If this is true of systems and products used by IT professionals, how much more vulnerable are networks that have been traditionally isolated and are just now coming online? Industrial Control Systems (ICS) that support critical infrastructure are becoming more connected and networked. Physical security systems are adding more and more Internet of Things (IoT) devices such as IP cameras.
Securing these systems effectively requires not only a successful convergence of IT and physical security but also automation. First, here’s a look at the cyber weaknesses of these increasingly interconnected physical security systems.
Physical Security’s Cyber Problem
With the advantages of network-capable devices also come vulnerabilities: Hackers can use unsecured IoT devices to infiltrate corporate networks, launch attacks on the public Internet or disrupt the video surveillance system.
The growth in IP cameras alone is cause for concern. IHS Markit forecasts that more than 180 million professional video surveillance cameras will be shipped in 2019 (up from just under 10 million in 2006). IP cameras have eclipsed the sale of analog ones: 62 percent of all security cameras shipped in 2017 were network cameras.
Lack of expertise and cybersecurity tools further exacerbates these vulnerabilities. Securing, monitoring, and maintaining hundreds or thousands of installed devices against evolving risks is a great challenge. Human hands alone cannot handle the myriad tasks required.
IT departments may be responsible for cybersecurity, but they often don’t have adequate visibility into the physical security system and other IoT assets. They don’t typically monitor site-specific endpoints such as cameras and access control, and neither do their access layer switches.
This means that security managers often don’t know when these units are compromised, go off-line, stop streaming video or audio, reboot, or are just missing. Many physical security pros themselves do not have the time, budget, or knowledge to properly ‘harden’ cameras and other IoT devices.
Many camera manufacturers in collaboration with US-CERT (United States Computer Emergency Readiness Team/DHS) provide vulnerability threat alerts with appropriate responses. Unfortunately, the number of devices and the lack of traditional IT oversight/intracompany collaborations can be a problem, even with the appropriate guidelines from a camera manufacturer.
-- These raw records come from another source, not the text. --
Lemma htc_on_mirror_slope1 j r : (n | (s + 1) * j) -> on_line false (2 * j) r ->
  (htc (satin n s) r <-> (n | (s - 1) * (fst r - (j + 1)))).
Proof.
  destruct r as [X Y]; unfold on_line; cbn [fst snd]; intros Hj Hl.
  rewrite htc_satin. unfold dark; cbn [fst snd].
  replace (X - 1 - (Y - 1) * s) with ((s + 1) * j + - ((s - 1) * (X - (j + 1)))) by
    (replace Y with (X - 2 * j) by lia; ring).
  split; intro H.
  - apply Z.divide_opp_r. exact (Z.divide_add_cancel_r _ _ _ Hj H).
  - apply Z.divide_add_r; [exact Hj | apply Z.divide_opp_r, H].
Qed.

Lemma htc_on_mirror_slope_m1 j r : (n | (s - 1) * (j - 1)) -> on_line true (2 * j) r ->
  (htc (satin n s) r <-> (n | (s + 1) * (fst r - (j + 0)))).
Proof.
  destruct r as [X Y]; unfold on_line; cbn [fst snd]; intros Hj Hl.
  rewrite htc_satin. unfold dark; cbn [fst snd].
  replace (X - 1 - (Y - 1) * s) with (- ((s - 1) * (j - 1)) + (s + 1) * (X - (j + 0))) by
    (replace Y with (2 * j - X) by lia; ring).
  apply Z.divide_opp_r in Hj. split; intro H.
  - exact (Z.divide_add_cancel_r _ _ _ Hj H).
  - apply Z.divide_add_r; assumption.
Qed.

Lemma satin_mirror_lattice_slope1 :
  mirror_lattice (satin n s) false (period n (s + 1)) 0 (period n (s - 1)) 1.
Proof.
  split.
  - intro k. rewrite mirror_slope1_satin.
    split; intros (j & Hk & Hj); exists j; split; try exact Hk.
    + rewrite Z.sub_0_r. apply divide_mul_iff_period; [exact n_pos | exact Hj].
    + rewrite Z.sub_0_r in Hj. apply (divide_mul_iff_period n (s + 1) j n_pos), Hj.
  - intros j r Hj Hl. rewrite Z.sub_0_r in Hj.
    rewrite (htc_on_mirror_slope1 j r); [|apply (divide_mul_iff_period n (s + 1) j n_pos), Hj | exact Hl].
    apply divide_mul_iff_period, n_pos.
Qed.

Lemma satin_mirror_lattice_slope_m1 :
  mirror_lattice (satin n s) true (period n (s - 1)) 1 (period n (s + 1)) 0.
Proof.
  split.
  - intro k. rewrite mirror_slope_m1_satin.
    split; intros (j & Hk & Hj); exists j; split; try exact Hk;
      apply (divide_mul_iff_period n (s - 1) (j - 1) n_pos), Hj.
  - intros j r Hj Hl.
    rewrite (htc_on_mirror_slope_m1 j r); [|apply (divide_mul_iff_period n (s - 1) (j - 1) n_pos), Hj | exact Hl].
    apply divide_mul_iff_period, n_pos.
Qed.

(* Every dark cell is the sum of a dark cell on the diagonal and one on the
   antidiagonal: the translation lattice is rectangular with respect to the
   mirror directions. *)
Lemma dark_diagonal_decomposition x y : dark n s (x, y) ->
  exists w v, x = w + v /\ y = w - v /\ dark n s (w, w) /\ dark n s (v, - v).
Proof.
  unfold dark; cbn [fst snd]; intros [z Hz].
  destruct rectangular_normal_form as (a & m & k & Hs & Hn & Hk).
  exists (z * m + y * a + y), (z * m + y * a). cbn [fst snd].
  split; [rewrite <- (Z.sub_add (y * s) x), Hz; subst; ring|]. split; [ring|]. subst.
  split.
  - exists (- (a * z + k * y)).
    transitivity (- (a * z) * (2 * m) - 2 * y * (a * (a + 1))); [ring|]. rewrite Hk. ring.
  - exists ((a + 1) * z + k * y).
    transitivity ((a + 1) * z * (2 * m) + 2 * y * (a * (a + 1))); [ring|]. rewrite Hk. ring.
Qed.

Lemma satin_rank2 (G : isom -> Prop) :
  (forall x y, dark n s (x, y) -> G (Isom lin_id (2 * x, 2 * y))) -> rank2_translations G.
Proof.
  intro HG. exists (Isom lin_id (2 * n, 2 * 0)), (Isom lin_id (2 * s, 2 * 1)).
  split; [apply HG; exists 1; cbn [fst snd]; ring|].
  split; [apply HG; exists 0; cbn [fst snd]; ring|].
  split; [reflexivity|]. split; [reflexivity|]. cbn [tr fst snd]. lia.
Qed.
These cameras can still fall prey to would-be hackers who are actively scanning networks for any possible opening.
To further emphasize how easy it is to gain access to cameras online, several groups such as Insecam.org and Shodan provide listings by geography, manufacturer, and model. These open-access cameras can be used to accommodate criminal endeavors, or they can be part of a large-scale network attack.
Mirai is an example of malware that exploited improperly secured IoT devices (300,000 of them) by scanning large blocks of the Internet for open communication ports using default passwords. In so doing, it amassed a botnet army used in large-scale network attacks against popular websites. Mirai variants are still being used today to target enterprise devices.
The same types of ransomware that impact non-security platforms can also interrupt fall enrollment at universities or wreak havoc to video servers used to guard presidential inaugurations.
Physical and Logical Convergence
Physical security and IT have got to do a better job at collaborating on cybersecurity. In addition, convergence requires new thinking from those previously isolated departments found in loss prevention, ICS, operational technology (OT), and others. They can take control using automation to secure their security systems.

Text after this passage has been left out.